## What you have to do
Among the lines below, a stretch begins at the one with "Lemma F1star_sub_DS F0" and ends at the one with "have le0' : k0". Repeat that stretch exactly, ends included.

## Dataset records

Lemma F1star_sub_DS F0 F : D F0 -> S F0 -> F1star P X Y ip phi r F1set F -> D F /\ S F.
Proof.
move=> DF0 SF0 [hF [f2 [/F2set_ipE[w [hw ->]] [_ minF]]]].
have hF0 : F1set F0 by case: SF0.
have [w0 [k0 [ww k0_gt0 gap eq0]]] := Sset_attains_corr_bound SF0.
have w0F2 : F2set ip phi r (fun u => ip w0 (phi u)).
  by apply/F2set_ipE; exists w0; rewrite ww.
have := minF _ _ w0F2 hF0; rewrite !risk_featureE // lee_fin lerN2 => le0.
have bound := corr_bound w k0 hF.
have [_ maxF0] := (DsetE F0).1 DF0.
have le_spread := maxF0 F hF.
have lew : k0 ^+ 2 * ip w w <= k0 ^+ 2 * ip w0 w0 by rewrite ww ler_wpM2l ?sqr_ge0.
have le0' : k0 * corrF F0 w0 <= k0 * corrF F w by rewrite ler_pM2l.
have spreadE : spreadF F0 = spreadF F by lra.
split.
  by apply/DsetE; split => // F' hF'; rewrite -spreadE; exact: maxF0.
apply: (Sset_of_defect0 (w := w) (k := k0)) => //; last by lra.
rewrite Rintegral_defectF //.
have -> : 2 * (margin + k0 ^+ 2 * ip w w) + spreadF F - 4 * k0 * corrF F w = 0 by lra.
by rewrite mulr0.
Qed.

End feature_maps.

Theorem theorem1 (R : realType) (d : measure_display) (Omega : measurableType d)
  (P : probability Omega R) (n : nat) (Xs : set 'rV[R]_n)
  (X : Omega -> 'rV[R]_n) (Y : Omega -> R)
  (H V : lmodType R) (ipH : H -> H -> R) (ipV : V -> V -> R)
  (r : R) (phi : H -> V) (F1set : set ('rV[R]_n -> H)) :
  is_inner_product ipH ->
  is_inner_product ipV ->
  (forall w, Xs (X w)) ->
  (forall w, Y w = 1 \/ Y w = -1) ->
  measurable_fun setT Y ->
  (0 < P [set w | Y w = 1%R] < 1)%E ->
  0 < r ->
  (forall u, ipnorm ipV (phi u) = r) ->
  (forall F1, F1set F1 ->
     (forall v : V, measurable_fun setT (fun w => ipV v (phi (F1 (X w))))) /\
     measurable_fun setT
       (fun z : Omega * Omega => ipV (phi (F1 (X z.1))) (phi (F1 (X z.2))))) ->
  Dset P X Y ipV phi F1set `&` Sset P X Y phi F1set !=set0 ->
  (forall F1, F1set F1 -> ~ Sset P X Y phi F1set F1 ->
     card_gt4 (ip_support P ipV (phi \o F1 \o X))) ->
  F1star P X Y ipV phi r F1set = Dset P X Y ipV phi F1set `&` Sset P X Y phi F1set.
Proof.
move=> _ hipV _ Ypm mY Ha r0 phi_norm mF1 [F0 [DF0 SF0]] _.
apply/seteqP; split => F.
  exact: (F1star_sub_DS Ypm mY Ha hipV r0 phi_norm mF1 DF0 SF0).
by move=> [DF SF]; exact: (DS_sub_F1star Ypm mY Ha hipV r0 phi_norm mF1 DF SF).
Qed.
...
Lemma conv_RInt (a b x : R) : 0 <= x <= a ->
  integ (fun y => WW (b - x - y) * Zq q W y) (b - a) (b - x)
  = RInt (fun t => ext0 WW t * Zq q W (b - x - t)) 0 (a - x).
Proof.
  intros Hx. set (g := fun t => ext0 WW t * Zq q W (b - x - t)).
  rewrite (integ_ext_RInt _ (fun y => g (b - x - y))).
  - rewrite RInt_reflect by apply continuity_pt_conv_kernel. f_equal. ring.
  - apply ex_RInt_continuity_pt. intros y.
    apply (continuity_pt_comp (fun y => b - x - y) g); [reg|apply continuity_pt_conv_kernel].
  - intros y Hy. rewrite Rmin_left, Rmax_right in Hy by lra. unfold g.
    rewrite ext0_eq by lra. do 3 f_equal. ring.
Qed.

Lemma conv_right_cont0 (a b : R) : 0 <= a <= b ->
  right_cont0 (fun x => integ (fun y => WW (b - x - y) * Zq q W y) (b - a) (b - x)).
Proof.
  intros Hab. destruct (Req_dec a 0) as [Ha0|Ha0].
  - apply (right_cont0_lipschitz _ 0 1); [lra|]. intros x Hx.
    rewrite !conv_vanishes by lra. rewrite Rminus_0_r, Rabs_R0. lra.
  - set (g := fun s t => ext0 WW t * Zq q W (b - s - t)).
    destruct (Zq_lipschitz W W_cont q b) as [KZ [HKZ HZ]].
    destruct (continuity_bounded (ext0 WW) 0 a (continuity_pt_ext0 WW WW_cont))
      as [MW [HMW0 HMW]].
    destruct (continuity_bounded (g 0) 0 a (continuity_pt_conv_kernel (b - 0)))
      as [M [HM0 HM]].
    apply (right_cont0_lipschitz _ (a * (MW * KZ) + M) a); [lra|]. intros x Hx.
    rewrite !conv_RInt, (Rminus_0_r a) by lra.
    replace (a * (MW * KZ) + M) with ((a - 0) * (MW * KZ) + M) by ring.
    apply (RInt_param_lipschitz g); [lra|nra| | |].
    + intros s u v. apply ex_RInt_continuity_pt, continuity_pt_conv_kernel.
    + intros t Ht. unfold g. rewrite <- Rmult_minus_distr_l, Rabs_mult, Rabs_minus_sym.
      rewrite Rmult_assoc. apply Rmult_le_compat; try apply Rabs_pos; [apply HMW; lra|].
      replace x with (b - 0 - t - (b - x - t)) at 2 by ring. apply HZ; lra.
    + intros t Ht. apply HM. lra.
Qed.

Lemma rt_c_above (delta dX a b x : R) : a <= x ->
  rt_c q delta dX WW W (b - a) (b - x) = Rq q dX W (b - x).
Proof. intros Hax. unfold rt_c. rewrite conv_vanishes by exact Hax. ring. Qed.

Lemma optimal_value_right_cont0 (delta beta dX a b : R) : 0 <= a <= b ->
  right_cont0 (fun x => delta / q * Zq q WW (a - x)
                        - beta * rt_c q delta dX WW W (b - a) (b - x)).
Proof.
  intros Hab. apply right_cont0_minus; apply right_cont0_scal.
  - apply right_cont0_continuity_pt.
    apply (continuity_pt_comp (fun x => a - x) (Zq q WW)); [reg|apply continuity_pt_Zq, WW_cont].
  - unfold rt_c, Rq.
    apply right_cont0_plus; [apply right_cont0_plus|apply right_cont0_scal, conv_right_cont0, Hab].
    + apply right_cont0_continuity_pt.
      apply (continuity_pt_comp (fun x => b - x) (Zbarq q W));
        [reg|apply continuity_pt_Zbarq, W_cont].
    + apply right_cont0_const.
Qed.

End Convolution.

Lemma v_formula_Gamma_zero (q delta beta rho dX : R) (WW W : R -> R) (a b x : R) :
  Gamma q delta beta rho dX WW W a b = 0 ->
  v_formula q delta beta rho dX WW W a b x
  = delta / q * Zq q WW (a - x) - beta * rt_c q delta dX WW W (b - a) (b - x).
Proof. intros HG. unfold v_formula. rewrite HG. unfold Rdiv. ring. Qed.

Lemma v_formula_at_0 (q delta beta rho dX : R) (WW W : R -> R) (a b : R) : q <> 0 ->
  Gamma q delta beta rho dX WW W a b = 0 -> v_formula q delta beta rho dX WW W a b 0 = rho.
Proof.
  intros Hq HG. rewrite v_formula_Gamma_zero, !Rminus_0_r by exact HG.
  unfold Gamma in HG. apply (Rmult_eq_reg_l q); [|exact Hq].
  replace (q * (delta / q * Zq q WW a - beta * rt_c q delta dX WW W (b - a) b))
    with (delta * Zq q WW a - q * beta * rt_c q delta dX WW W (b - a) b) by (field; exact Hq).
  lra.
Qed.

## Reply to the task
Lemma F1star_sub_DS F0 F : D F0 -> S F0 -> F1star P X Y ip phi r F1set F -> D F /\ S F.
Proof.
move=> DF0 SF0 [hF [f2 [/F2set_ipE[w [hw ->]] [_ minF]]]].
have hF0 : F1set F0 by case: SF0.
have [w0 [k0 [ww k0_gt0 gap eq0]]] := Sset_attains_corr_bound SF0.
have w0F2 : F2set ip phi r (fun u => ip w0 (phi u)).
  by apply/F2set_ipE; exists w0; rewrite ww.
have := minF _ _ w0F2 hF0; rewrite !risk_featureE // lee_fin lerN2 => le0.
have bound := corr_bound w k0 hF.
have [_ maxF0] := (DsetE F0).1 DF0.
have le_spread := maxF0 F hF.
have lew : k0 ^+ 2 * ip w w <= k0 ^+ 2 * ip w0 w0 by rewrite ww ler_wpM2l ?sqr_ge0.
have le0' : k0 * corrF F0 w0 <= k0 * corrF F w by rewrite ler_pM2l.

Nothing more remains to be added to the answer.